Taken together, this study shows that heteronemin induces apoptosis and autophagy in human renal carcinoma A498 cells. Heteronemin inhibits the phosphorylation of ERK and AKT signaling pathway and increases the phosphorylation of p38 and JNK. The inhibition of p38, but not JNK, can reverse heteronemin-induced cytotoxicity and apoptotic signaling. Heteronemin also induces autophagy in A498 cells, and cotreatment with chloroquine or SP600125 inhibits autophagy and increases heteronemin-induced cytotoxicity and apoptotic signaling (Figure 8). Therefore, this investigation provides new insight into the role of heteronemin as a potential anticancer agent and suggests that the combination of heteronemin with autophagy inhibitors further enhances its therapeutic effects.

Conflict of Interests

The authors have declared that no conflict of interests exists.
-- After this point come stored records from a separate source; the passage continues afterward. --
(* Let $A$ be a real random variable with $\mathbb{E}[A]=0$ and $\mathbb{E}[A^2]=1$, and let $B$ be a real random variable independent of $A$ with continuously differentiable probability density function $f_B$. Let $\delta>0$ be such that $c=\sup_{s\in(-\delta,\delta)}\max\{|f_B(s)|,|f_B'(s)|\}$ is finite. Then for every $n\ge1$, $$\Big|\Pr\big[B\ge A/\sqrt n\big]-\Pr[B\ge0]\Big|\le\frac1n\Big(\frac{2}{\delta^2}+\frac{c}{\delta}+\frac c2\Big).$$ *)

From HB Require Import structures.
From mathcomp Require Import all_boot all_order all_algebra.
From mathcomp Require Import all_classical all_reals all_analysis.
Set Implicit Arguments. Unset Strict Implicit. Unset Printing Implicit Defensive.
Import Order.TTheory GRing.Theory Num.Theory.
Import numFieldNormedType.Exports.
Local Open Scope classical_set_scope.
Local Open Scope ring_scope.

Definition indep_RV d (T : measurableType d) (R : realType) (P : probability T R)
  (X Y : T -> R) : Prop :=
  forall S U : set R, measurable S -> measurable U ->
    P (X @^-1` S `&` Y @^-1` U) = (P (X @^-1` S) * P (Y @^-1` U))%E.

Definition is_pdf d (T : measurableType d) (R : realType) (P : probability T R)
  (X : T -> R) (f : R -> R) : Prop :=
  (forall x, 0 <= f x) /\
  forall S : set R, measurable S ->
    P (X @^-1` S) = (\int[lebesgue_measure]_(x in S) (f x)%:E)%E.

Definition C1 (R : realType) (f : R -> R) : Prop :=
  (forall x : R, derivable f x 1) /\ continuous (derive1 f).

Definition local_C1_vals (R : realType) (f : R -> R) (delta : R) : set R :=
  [set r | exists s : R, - delta < s < delta /\
      r = Num.max `|f s| `|derive1 f s| ].

From HB Require Import structures.
From mathcomp Require Import all_boot all_order all_algebra.
From mathcomp Require Import all_classical all_reals all_analysis.
From mathcomp Require Import ring lra measurable_realfun ftc.
Set Implicit Arguments. Unset Strict Implicit. Unset Printing Implicit Defensive.
Import Order.TTheory GRing.Theory Num.Theory.
Import numFieldNormedType.Exports.
Local Open Scope classical_set_scope.
Local Open Scope ring_scope.

(* Conditioning on [A] and using independence, P[A/sqrt n <= B] is E[1 - Phi(A/sqrt n)],
   where Phi is the distribution function of B, with Phi' = f_B and Phi'' = f_B'.
   Taylor's theorem gives |Phi t - Phi 0 - f_B(0) t| <= c t^2/2 for |t| < delta, and
   the crude bound |Phi t - Phi 0| + |f_B(0) t| <= (2/delta^2 + c/delta) t^2 for
   |t| >= delta, since 0 <= Phi <= 1 and |f_B(0)| <= c. Taking expectations, the
   linear term vanishes because E[A] = 0 and the quadratic bound, with
   K = 2/delta^2 + c/delta + c/2, contributes K E[A^2]/n = K/n. *)

Section mean_value.
Context {R : realType}.
Implicit Types (F f df : R -> R) (c d s t : R).

Lemma derivable_continuous f : (forall x, derivable f x (1 : R)) -> continuous f.
Proof.
by move=> df x; apply: differentiable_continuous; rewrite -derivable1_diffP.
Qed.

Lemma MVT_origin f df t : (forall x, is_derive x (1 : R) f (df x)) ->
  exists2 x, `|x| <= `|t| /\ 0 <= x * t & f t - f 0 = df x * t.
Proof.
move=> fdf; have cf : continuous f.
  by apply: derivable_continuous => x; exact: ex_derive.
have [t0|t0] := leP 0 t.
  have [x + ->] := MVT_segment t0 (fun x _ => fdf x) (continuous_subspaceT cf).
  rewrite in_itv /= subr0 => /andP[x0 xt]; exists x => //.
  by rewrite !ger0_norm ?mulr_ge0 //; exact: le_trans xt.
have [x + E] := MVT_segment (ltW t0) (fun x _ => fdf x) (continuous_subspaceT cf).
rewrite in_itv /= => /andP[tx x0]; exists x.
  by rewrite !ler0_norm ?lerN2 ?mulr_le0 // ltW.
by rewrite -opprB E sub0r mulrN opprK.
Qed.

Lemma derive1_bounded_lipschitz0 f c d s : (forall x, derivable f x (1 : R)) ->
  (forall x, `|x| < d -> `|derive1 f x| <= c) -> `|s| < d ->
  `|f s - f 0| <= c * `|s|.
Proof.
move=> df bf' sd; have fdf x : is_derive x (1 : R) f (derive1 f x).
  by rewrite derive1E; exact/derivableP.
have [x [xs _] ->] := MVT_origin s fdf.
rewrite normrM ler_wpM2r // bf' //; exact: le_lt_trans sd.
Qed.

Lemma taylor2_near0 F f c d t : (forall x, is_derive x (1 : R) F (f x)) ->
  (forall x, derivable f x (1 : R)) -> (forall x, `|x| < d -> `|derive1 f x| <= c) ->
  `|t| < d -> `|F t - F 0 - f 0 * t| <= c / 2 * t ^+ 2.
Proof.
move=> dF df bf' td.
(* Mean value theorem for [s |-> F s - f 0 * s +- c/2 * s^2], whose derivative
   [f x - f 0 +- c x] has the sign of [+- x] because [|f x - f 0| <= c |x|]. *)
have mvt e : exists2 x, `|(f x - f 0) * t| <= c * (x * t) &
    F t - F 0 - f 0 * t + e * (c / 2) * t ^+ 2 = (f x - f 0) * t + e * c * (x * t).
  have dk x : is_derive x (1 : R) (fun s => F s - f 0 * s + e * (c / 2) * s ^+ 2)
      (f x - f 0 + e * c * x).
    by apply: is_derive_eq; rewrite /GRing.scale /=; field.
  have [x [xt xt0] E] := MVT_origin t dk.
  exists x; last by apply: eq_trans (eq_trans E _); ring.
  rewrite normrM -(ger0_norm xt0) normrM mulrA ler_wpM2r //.
  exact: derive1_bounded_lipschitz0 (le_lt_trans xt td).
have [x1 b1 e1] := mvt 1; have [x2 b2 e2] := mvt (-1).
move: b1 b2 => /ler_normlP[b1 b1'] /ler_normlP[b2 b2'].
apply/ler_normlP; split; lra.
Qed.

Lemma taylor2_bounded F f c d t : 0 < d -> (forall x, 0 <= F x <= 1) ->
  (forall x, is_derive x (1 : R) F (f x)) -> (forall x, derivable f x (1 : R)) ->
  (forall x, `|x| < d -> `|derive1 f x| <= c) -> `|f 0| <= c ->
  `|F t - F 0 - f 0 * t| <= (2 / d ^+ 2 + c / d + c / 2) * t ^+ 2.
Proof.
move=> d0 F01 dF df bf' f0c.
have c0 : 0 <= c := le_trans (normr_ge0 _) f0c.
have t2 : 0 <= t ^+ 2 := sqr_ge0 t.
have K1 : 0 <= 2 / d ^+ 2 * t ^+ 2 by rewrite mulr_ge0 ?divr_ge0 ?sqr_ge0.
have K2 : 0 <= c / d * t ^+ 2 by rewrite mulr_ge0 ?divr_ge0 // ltW.
have K3 : 0 <= c / 2 * t ^+ 2 by rewrite mulr_ge0 ?divr_ge0.
rewrite 2!mulrDl; have [td|dt] := ltP `|t| d.
  by have := taylor2_near0 dF df bf' td; lra.
have F1 : `|F t - F 0| <= 1.
  have /andP[? ?] := F01 t; have /andP[? ?] := F01 0.
  by apply/ler_normlP; split; lra.
have dt2 : 1 <= 2 / d ^+ 2 * t ^+ 2.
  rewrite mulrAC ler_pdivlMr ?exprn_gt0 // mul1r.
  suff : d ^+ 2 <= t ^+ 2 by lra.
  by rewrite -(real_normK (num_real t)) lerXn2r // nnegrE ltW.
have tdt : c * `|t| <= c / d * t ^+ 2.
  rewrite -mulrA ler_wpM2l // mulrC ler_pdivlMr // -(real_normK (num_real t)).
  by rewrite expr2 ler_wpM2l.
have ft : `|f 0 * t| <= c * `|t| by rewrite normrM ler_wpM2r.
have := ler_normB (F t - F 0) (f 0 * t); lra.
Qed.

End mean_value.

Definition density_cdf (R : realType) (f : R -> R) (x : R) : R :=
  \int[lebesgue_measure]_(t in `]-oo, x]) f t.

Section density_cdf.
Context d (T : measurableType d) (R : realType) (P : probability T R).
Variables (X : {RV P >-> R}) (f : R -> R).
Hypotheses (Xf : is_pdf P X f) (cf : continuous f).

Let mf : measurable_fun setT f := continuous_measurable_fun cf.

Let preimage_ray x : [set w | X w <= x] = X @^-1` `]-oo, x].
Proof. by apply/seteqP; split => w /=; rewrite in_itv. Qed.

Lemma probability_le_density_cdf x : P [set w | X w <= x] = (density_cdf f x)%:E.
Proof.
rewrite /density_cdf /Rintegral fineK -Xf.2 ?preimage_ray //.
by rewrite fin_num_measure //; exact: measurable_funPTI.
Qed.

Lemma density_cdf_ge0_le1 x : 0 <= density_cdf f x <= 1.
Proof.
rewrite -!lee_fin -probability_le_density_cdf preimage_ray.
by rewrite measure_ge0 probability_le1 //; exact: measurable_funPTI.
Qed.

Lemma probability_ge_density_cdf x : P [set w | x <= X w] = (1 - density_cdf f x)%:E.
Proof.
have -> : [set w | x <= X w] = ~` (X @^-1` `]-oo, x[).
  by apply/seteqP; split => w /=; rewrite in_itv /= leNgt => /negP.
rewrite probability_setC; last exact: measurable_funPTI.
rewrite Xf.2 // integral_itv_bndo_bndc; last exact/measurable_EFinP/measurable_funTS.
by rewrite -Xf.2 // -preimage_ray probability_le_density_cdf EFinB.
Qed.

Lemma is_derive_density_cdf x : is_derive x (1 : R) (density_cdf f) (f x).
Proof.
have intf u : lebesgue_measure.-integrable `]-oo, u] (EFin \o f).
  apply/integrableP; split; first exact/measurable_EFinP/measurable_funTS.
  under eq_integral do rewrite /= ger0_norm ?Xf.1 //.
  rewrite -Xf.2 // (le_lt_trans (probability_le1 P _)) ?ltry //.
  exact: measurable_funPTI.
have x1 : x < x + 1 by rewrite ltrDl.
have [df <-] := continuous_FTC1 x1 (intf _) (ltNyr x) (@cf x).
by rewrite derive1E; exact: derivableP.
Qed.

Lemma continuous_density_cdf : continuous (density_cdf f).
Proof.
by apply: derivable_continuous => x; apply: ex_derive; exact: is_derive_density_cdf.
Qed.

End density_cdf.

Section independent_pair.
Context d (T : measurableType d) (R : realType) (P : probability T R).
Variables (X Y : {RV P >-> R}).
Hypothesis XY : indep_RV P X Y.

Let XY_pair (w : T) : R * R := (X w, Y w).

Let measurable_XY_pair : measurable_fun setT XY_pair.
Proof. exact: measurable_fun_pair. Qed.

HB.instance Definition _ := isMeasurableFun.Build _ _ _ _ XY_pair measurable_XY_pair.

Lemma indep_RV_pair_preimage (E : set (R * R)) : measurable E ->
  P [set w | E (X w, Y w)] = (\int[distribution P X]_x P [set w | E (x, Y w)])%E.
Proof.
move=> mE; rewrite -[LHS]/(distribution P (XY_pair : {mfun T >-> (R * R)%type}) E).
rewrite -(product_measure_unique (m1 := distribution P X) (m2 := distribution P Y)) //.
apply: eq_integral => x _; congr (P _).
by apply/seteqP; split => w; rewrite /xsection /preimage /= in_setE.
Qed.

End independent_pair.

Lemma indep_RV_density_probability_le d (T : measurableType d) (R : realType)
    (P : probability T R) (X Y : {RV P >-> R}) (f : R -> R) (e : R) :
  indep_RV P X Y -> is_pdf P Y f -> continuous f ->
  P [set w | X w * e <= Y w] = (\int[P]_w (1 - density_cdf f (X w * e))%:E)%E.
Proof.
move=> XY Yf cf; have mE : measurable [set p : R * R | p.1 * e <= p.2].
  rewrite -[X in measurable X]setTI; apply: measurable_fun_le => //.
  exact: measurable_funM.
rewrite (indep_RV_pair_preimage XY mE) /=.
under eq_integral do rewrite (probability_ge_density_cdf Yf cf).
rewrite ge0_integral_distribution //.
- apply/measurable_EFinP; apply: measurable_funB => //.
  apply: measurableT_comp; last exact: measurable_funM.
  exact: continuous_measurable_fun (continuous_density_cdf Yf cf).
- by move=> x; rewrite lee_fin subr_ge0; case/andP: (density_cdf_ge0_le1 Yf (x * e)).
Qed.

Section second_order_expectation.
Context d (T : measurableType d) (R : realType) (P : probability T R).
Variable X : {RV P >-> R}.
Hypotheses (EX : ('E_P[X] = 0)%E) (EX2 : ('E_P[fun w => (X w ^+ 2)%R] = 1)%E).

Let intX : (\int[P]_w (X w)%:E = 0)%E.
Proof. by move: EX; rewrite unlock. Qed.

Let intX2 : (\int[P]_w (X w ^+ 2)%:E = 1)%E.
Proof. by move: EX2; rewrite unlock. Qed.

Let integrable_X2 : P.-integrable setT (fun w => (X w ^+ 2)%:E).
Proof.
apply/integrableP; split; first exact/measurable_EFinP/measurable_funX.
by under eq_integral do rewrite abse_EFin ger0_norm ?sqr_ge0 //; rewrite intX2 ltry.
Qed.

(* [|x| <= 1 + x^2] makes [X] integrable as soon as [X^2] is. *)
Let integrable_X : P.-integrable setT (EFin \o X).
Proof.
have := integrableD measurableT
  (finite_measure_integrable_cst P 1 measurableT) integrable_X2.
apply: le_integrable => //; first exact/measurable_EFinP.
move=> w _; rewrite /= lee_fin [X in _ <= X]ger0_norm ?addr_ge0 ?sqr_ge0 //.
rewrite -(real_normK (num_real (X w))); have := normr_ge0 (X w); nra.
Qed.

Lemma expectation_taylor2_bound (G : R -> R) (k K M e : R) :
  measurable_fun setT G -> (forall t, `|G t| <= M) ->
  (forall t, `|G t - G 0 - k * t| <= K * t ^+ 2) ->
  (`|\int[P]_w (G (X w * e))%:E - (G 0)%:E| <= (K * e ^+ 2)%:E)%E.
Proof.
move=> mG GM Gk.
have K0 : 0 <= K by rewrite -[K]mulr1 -(expr1n _ 2) (le_trans _ (Gk 1)).
have mGX : measurable_fun setT (fun w => G (X w * e)).
  by apply: measurableT_comp => //; exact: measurable_funM.
have iGX : P.-integrable setT (EFin \o (fun w => G (X w * e))).
  apply: le_integrable (finite_measure_integrable_cst P M measurableT) => //.
    exact/measurable_EFinP.
  by move=> w _; rewrite /= lee_fin; exact: le_trans (GM _) (ler_norm M).
have iG0 := finite_measure_integrable_cst P (G 0) measurableT.
have iGXG0 : P.-integrable setT (EFin \o (fun w => G (X w * e) - G 0)).
  apply: eq_integrable measurableT _ _ _ (integrableB measurableT iGX iG0).
  by move=> w _; rewrite /= EFinB.
have ikX : P.-integrable setT (EFin \o (fun w => k * e * X w)).
  apply: eq_integrable measurableT _ _ _ (integrableZl measurableT (k * e) integrable_X).
  by move=> w _; rewrite /= EFinM.
set h := fun w => G (X w * e) - G 0 - k * e * X w.
have -> : (\int[P]_w (G (X w * e))%:E - (G 0)%:E = \int[P]_w (h w)%:E)%E.
  rewrite [in RHS](eq_integral (fun w => (G (X w * e) - G 0)%:E - (k * e * X w)%:E)%E);
    last by move=> w _; rewrite /h EFinB.
  rewrite integralB_EFin // integralB_EFin //.
  under [X in (_ = _ - X)%E]eq_integral do rewrite EFinM.
  by rewrite integralZl // intX mule0 sube0 integral_cst //= probability_setT mule1.
have mh : measurable_fun setT (fun w => (h w)%:E).
  apply/measurable_EFinP/measurable_funB; first exact: measurable_funB.
  exact: measurable_funM.
have K0e : 0 <= K * e ^+ 2 by rewrite mulr_ge0 ?sqr_ge0.
apply: le_trans (le_abse_integral P measurableT mh) _.
rewrite -[X in (_ <= X)%E]mule1 -intX2 -ge0_integralZl_EFin //; last 2 first.
- by move=> w _; rewrite lee_fin sqr_ge0.
- exact/measurable_EFinP/measurable_funX.
apply: ge0_le_integral => //; first exact: measurableT_comp.
  exact/measurable_EFinP/measurable_funM/measurable_funX.
move=> w _; rewrite abse_EFin -EFinM lee_fin /h -mulrA (mulrC e).
by apply: le_trans (Gk _) _; rewrite exprMn (mulrC (X w ^+ 2)) mulrA.
Qed.

End second_order_expectation.

Lemma local_C1_vals_le_sup (R : realType) (f : R -> R) (delta s : R) :
  has_ubound (local_C1_vals f delta) -> `|s| < delta ->
  `|f s| <= sup (local_C1_vals f delta) /\
  `|derive1 f s| <= sup (local_C1_vals f delta).
Proof.
move=> ub sd; have fs : local_C1_vals f delta (Num.max `|f s| `|derive1 f s|).
  by exists s; split => //; rewrite -ltr_norml.
have := sup_upper_bound (conj (ex_intro _ _ fs) ub) fs.
by rewrite ge_max => /andP.
Qed.

Theorem lemma5 (d : measure_display) (T : measurableType d) (R : realType)
  (P : probability T R) (A B : {RV P >-> R}) (fB : R -> R) (delta : R)
  (hEA : ('E_P[A] = 0)%E)
  (hEA2 : ('E_P[(fun w => (A w ^+ 2)%R)] = 1)%E)
  (hind : indep_RV P A B)
  (hpdf : is_pdf P B fB)
  (hC1 : C1 fB)
  (hdelta : 0 < delta)
  (hfin : has_ubound (local_C1_vals fB delta)) :
  let c := sup (local_C1_vals fB delta) in
  forall n : nat, (0 < n)%N ->
    (`| P [set w | (A w / Num.sqrt (n%:R) <= B w)%R] - P [set w | (0 <= B w)%R] |
      <= ((n%:R)^-1 * (2 / delta ^+ 2 + c / delta + c / 2))%:E)%E.
Proof.
move=> c n n0; set K := 2 / delta ^+ 2 + c / delta + c / 2.
have [dfB _] := hC1; have cfB := derivable_continuous dfB.
have bound s := local_C1_vals_le_sup (s := s) hfin.
rewrite (probability_ge_density_cdf hpdf cfB).
rewrite (indep_RV_density_probability_le _ hind hpdf cfB).
have -> : n%:R^-1 * K = K * (Num.sqrt n%:R)^-1 ^+ 2.
  by rewrite exprVn sqr_sqrtr ?ler0n // mulrC.
apply: (expectation_taylor2_bound hEA hEA2 (G := fun t => 1 - density_cdf fB t)
  (k := - fB 0) (M := 1)).
- apply: measurable_funB => //.
  exact: continuous_measurable_fun (continuous_density_cdf hpdf cfB).
- move=> t; have /andP[? ?] := density_cdf_ge0_le1 hpdf t.
  by apply/ler_normlP; split; lra.
move=> t; rewrite mulNr opprK -normrN.
have -> : - (1 - density_cdf fB t - (1 - density_cdf fB 0) + fB 0 * t) =
    density_cdf fB t - density_cdf fB 0 - fB 0 * t by ring.
apply: taylor2_bounded => //.
- exact: density_cdf_ge0_le1 hpdf.
- exact: is_derive_density_cdf hpdf cfB.
- by move=> x /bound [].
- by case: (bound 0); rewrite ?normr0.
Qed.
This work was supported by a Research Grant from the National Science Council of Taiwan (NSC 99-2628-B-002-024-MY2).

Supplementary Materials

Supplementary Figure S1: Effects of heteronemin on cell cycle distribution in A498 cells. Cells were incubated with (A) DMSO or various concentrations of heteronemin for 24 h and (B) DMSO or 3 μM heteronemin for the indicated time periods. Cell cycle phase and cell apoptosis were determined by FACS as described in Materials and Methods.

Supplementary Figure S2: Effects of SB203580 on heteronemin-induced LC3 conversion in A498 cells. Cells were incubated with DMSO, heteronemin 3 μM, SB203580 25 μM and combination of heteronemin and SB203580 for 24 h and detected protein expression by western blotting. DMSO was used as the vehicle control (CTL).